In 1990, in hopes of boosting the credential's public profile, the the CFA Institute (formerly the Association for Investment Management and Research) was created from the merger of the Financial Analysts Federation (FAF) and the Institute of Chartered Financial Analysts (ICFA). The FAF was originally established in 1947 as a service organization for investment professionals in its societies and chapters.

Many of today's senior CFA charterholders were "grandfathered" into CFA charterholders at this time without today's current three level testing.

From 1963 (when the CFA designation was first used) to 2006, approximately 69,600 people from 126 different countries have been awarded the right to use the CFA designation. As of 2006, more than 116,000 more people are currently enrolled to take one of the examinations.

The CFA program began in the United States, but became increasingly international similar to the UK's Association of Chartered Certified Accountants (ACCA) which offers the Chartered Certified Accountant qualification (Designatory letters ACCA or FCCA) worldwide. By 2003 fewer than half the candidates in the CFA program were based in the US and Canada, with most of the other candidates based in Asia or Europe. India and China have shown some of the highest growth from 2005-2006 with increases of 25% and 53% respectively in the total number of charterholders.[1]

The basic requirements for prospective CFA candidates include a four-year university degree with being allowed to apply at the final year of the degree program (or international equivalent) or four years of qualified, professional work experience. [2] The program focuses on portfolio management and financial analysis, and provides only a generalist knowledge of other areas of finance.

Note: The CFA designation is not affiliated with the Chartered Financial Analyst degree offered by a university in India known as ICFAI or its affiliate the Council of Chartered Financial Analysts. ICFAI offers Masters degrees in Finance which to lead to a CFA Charter issued by the CCFA. AIMR sued and won a judgment [3] prohibiting the organization and its members from using the CFA or Chartered Financial Analyst mark in the United States and Canada.
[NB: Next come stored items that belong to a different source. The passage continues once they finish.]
Lemma coef_tmul (q : {poly D}) i :
  (tm q)`_i = (if i == 0%N then 0 else sigma q`_i.-1) + delta q`_i.
Proof. by rewrite /tmul coefD coefMX !coef_map_id0 ?delta0 ?rmorph0 //; case: i. Qed.

Lemma tmul0 : tm 0 = 0.
Proof. by apply/polyP => i; rewrite coef_tmul !coef0 rmorph0 delta0 addr0; case: ifP. Qed.

Lemma tmulD (p q : {poly D}) : tm (p + q) = tm p + tm q.
Proof.
apply/polyP => i; rewrite coefD !coef_tmul !coefD deltaD rmorphD.
by case: ifP; rewrite ?add0r // addrACA.
Qed.

Lemma tmulZ (a : D) (q : {poly D}) : tm (a *: q) = sigma a *: tm q + delta a *: q.
Proof.
apply/polyP => i; rewrite coef_tmul coefD !coefZ coef_tmul deltaM rmorphM mulrDr addrA.
by case: ifP; rewrite ?mulr0 ?add0r.
Qed.

Lemma tmulXn k : tm ('X^k : {poly D}) = 'X^(k.+1).
Proof.
apply/polyP => i; rewrite coef_tmul !coefXn; case: i => [|i] /=.
  by rewrite add0r; case: eqP; rewrite ?delta1 ?delta0.
by rewrite eqSS; case: eqP; case: eqP; rewrite ?rmorph1 ?rmorph0 ?delta1 ?delta0 ?addr0.
Qed.

Lemma iter_tmul0 k : iter k tm 0 = 0.
Proof. by elim: k => //= k ->; apply: tmul0. Qed.

Lemma iter_tmulD k (p q : {poly D}) : iter k tm (p + q) = iter k tm p + iter k tm q.
Proof. by elim: k => //= k ->; apply: tmulD. Qed.

Lemma iter_tmulXn k j : iter k tm ('X^j : {poly D}) = 'X^(k + j).
Proof. by elim: k => //= k ->; rewrite tmulXn. Qed.

Lemma coef_iter_tmul_ge k (q : {poly D}) j :
  (size q + k <= j)%N -> (iter k tm q)`_j = 0.
Proof.
elim: k j => [|k IH] j /=; first by rewrite addn0 => /leq_sizeP; apply.
rewrite addnS => lt_j; rewrite coef_tmul (IH j) ?delta0 ?addr0; last exact: ltnW.
by case: j lt_j => [//|j] lt_j /=; rewrite IH ?rmorph0.
Qed.
(* Let $\mathcal{G}$ be a metric graph as in the context and suppose $\overline{\mathcal{G}}$ is compact. Then $\partial\overline{\mathcal{G}}$ is totally disconnected if and only if $\overline{\mathcal{G}}$ is weakly connected.
   Context: $\mathcal{G}$ is a connected, locally finite metric graph with countable vertex set and countable edge set. Each edge $e$ has a length $l_e>0$ and is identified with an interval of that length. $\mathcal{G}$ carries the geodesic distance (infimum of lengths of paths), and $\overline{\mathcal{G}}$ is its metric completion. A designated set of vertices, containing all vertices of degree $1$, forms the boundary vertices. $\mathcal{G}_{int}$ is $\mathcal{G}$ minus the boundary vertices, and $\partial\overline{\mathcal{G}}=\overline{\mathcal{G}}\setminus\mathcal{G}_{int}$. $\overline{\mathcal{G}}$ is weakly connected if for every pair of distinct points $x,y\in\overline{\mathcal{G}}$ there is a finite set $W$ of points of $\mathcal{G}$ and disjoint open subsets $U_x\ni x$, $U_y\ni y$ of $\overline{\mathcal{G}}$ with $\overline{\mathcal{G}}\setminus W=U_x\cup U_y$. *)

From HB Require Import structures.
From mathcomp Require Import all_boot all_order all_algebra.
From mathcomp Require Import all_classical all_reals all_analysis.
From Stdlib Require Import Relations.
Set Implicit Arguments. Unset Strict Implicit. Unset Printing Implicit Defensive.
Import Order.TTheory GRing.Theory Num.Theory.
Local Open Scope classical_set_scope.
Local Open Scope ring_scope.

(* A (combinatorial skeleton of a) metric graph: vertices V, edges E,
   each edge e goes from [src e] to [tgt e] (loops / multiple edges allowed)
   and has length [l e] (> 0, imposed as a hypothesis in the theorem). *)

Section MetricGraph.
Variables (R : realType) (V E : Type) (src tgt : E -> V) (l : E -> R).

Definition incident (e : E) (v : V) : Prop := src e = v \/ tgt e = v.

(* v has degree exactly 1: exactly one edge end sits at v. *)
Definition deg1 (v : V) : Prop :=
  exists e, [/\ incident e v, src e <> tgt e &
                forall e', incident e' v -> e' = e].

Definition adj (v w : V) : Prop :=
  exists e, (src e = v /\ tgt e = w) \/ (src e = w /\ tgt e = v).

Definition graph_connected : Prop := forall v w, clos_refl_trans V adj v w.

(* The points of the metric graph G: vertices, and interior points of edges
   (edge e identified with the interval [0, l e], 0 ~ src e, l e ~ tgt e). *)
Definition gpoint : Type := (V + {et : E * R | 0 < et.2 < l et.1})%type.
Lemma value_eq_from sig sig' i n k s :
  (forall j k' s', (k <= k')%N -> sig j k' s' = sig' j k' s') ->
  value lam T tA f fA fB sig i n k s = value lam T tA f fA fB sig' i n k s.
Proof.
elim: n k s => [//|n IH] k s eq_sig /=; apply: eq_bigr => j _.
by rewrite eq_sig // (IH _ _ (fun j k' s' lt_k => eq_sig j k' s' (ltnW lt_k))).
Qed.

Lemma play_add (sig : profile M) (w : nat -> M) m n k s :
  play T tA sig w (m + n) k s = play T tA sig w n (k + m) (play T tA sig w m k s).
Proof. by elim: m k s => [|m IH] k s; rewrite ?addn0 //= IH addSnnS. Qed.

Lemma colR_play (sig : profile M) (w : nat -> M) n k s :
  (k + n <= T)%N -> colR (play T tA sig w n k s) = colR s.
Proof.
elim: n k s => [//|n IH] k s kn /=; rewrite IH; last lia.
have /negbTE k_neq_T : k != T by lia.
by case: (sig _ _ _); rewrite /eff /validc /= ?k_neq_T ?andbF //; case: ifP.
Qed.

Hypothesis lam_gt0 : forall i, 0 < lam i.

Lemma is_SPE_one_shot_optimal sig :
  is_SPE lam T tA f fA fB sig -> one_shot_optimal sig.
Proof.
move=> spe i k s c k_in; have kT : (k <= T)%N by case/andP: k_in.
pose tau : strategy := fun k' s' => if k' == k then c else sig i k' s'.
have dev_i : deviate sig i tau i k s = c by rewrite /deviate /tau !eqxx.
have dev_j j : j != i -> deviate sig i tau j = sig j.
  by rewrite /deviate => /negbTE ->.
have dev_later s' : V (deviate sig i tau) i k.+1 s' = V sig i k.+1 s'.
  apply: value_eq_from => j k' s'' lt_kk'; rewrite /deviate.
  by case: eqP => [->|//]; rewrite /tau gtn_eqF.
have := spe i tau k s k_in; rewrite !subgame_valueE //.
rewrite {1}/block_payoff dev_i dev_later -/(block_payoff sig i k s c).
rewrite (eq_bigr (fun j => lam j * V sig i k.+1 (next_state s (eff T tA k s (sig j k s))))).
  by rewrite lerD2r ler_pM2l.
by move=> j /dev_j ->; rewrite dev_later.
Qed.

Lemma one_shot_optimal_is_SPE sig :
  one_shot_optimal sig -> is_SPE lam T tA f fA fB sig.
Proof.
move=> opt i tau.
suff dev_le n k s : (0 < k)%N -> (n + k = T.+1)%N ->
    V (deviate sig i tau) i k s <= V sig i k s.
  by move=> k s /andP[k_gt0 kT]; apply: (dev_le (T.+1 - k)%N); lia.
elim: n k s => [|n IH] k s k_gt0 nk.
  by rewrite add0n in nk; rewrite nk !subgame_value_after_last.
have kT : (k <= T)%N by lia.
have IH' s' : V (deviate sig i tau) i k.+1 s' <= V sig i k.+1 s' by apply: IH; lia.
have dev_i : deviate sig i tau i = tau by rewrite /deviate eqxx.
rewrite !subgame_valueE // dev_i; apply: lerD.
  rewrite ler_pM2l //; apply: le_trans (opt i k s (tau k s) _); last lia.
  by rewrite /block_payoff lerD2l.
by apply: ler_sum => j ji; rewrite /deviate (negbTE ji) ler_pM2l.
Qed.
In August 2006, an Indian court issued a temporary injunction against the Indian organization as well. [4] The judgments made no assessment of the quality of the Indian program and merely discussed the trademark violation. The Indian Association of Investment Professionals[5] is the only organization in India which is affiliated with the CFA Institute.


The CFA exam
Candidates generally take one exam per year over three years and are written at a postgraduate level for financial professionals. Exams are challenging, with only 40% passing the Level I exam in June 2006; Europe achieved the highest pass rates in the recent exams with a 57% pass rate. [6] The December 2005 Level I Exam resulted in a worldwide pass rate of 34%. The Level II and III passing rates for 2006 were 48% and 76% respectively.

The Level I study program emphasizes tools and inputs and includes an introduction to asset valuation and portfolio management techniques.
The Level II study program emphasizes asset valuation and includes applications of the tools and inputs (including economics, financial statement analysis, and quantitative methods) in asset valuation.
The Level III study program emphasizes portfolio management and includes strategies for applying the tools, inputs, and asset valuation models in managing equity, fixed income, and derivative investments for individuals and institutions.
All three exams are administered on paper, on a single day; the Level I exam is administered twice a year (usually the first weekend of June and December). The Level II and III exams are administered once a year, usually the first weekend of June. Each exam consists of two three-hour sessions. Both Level I and Level II are entirely multiple choice, while Level III consists of a session of short-answer questions and a session that is multiple choice. On the multiple-choice sections, there is no penalty for wrong answers.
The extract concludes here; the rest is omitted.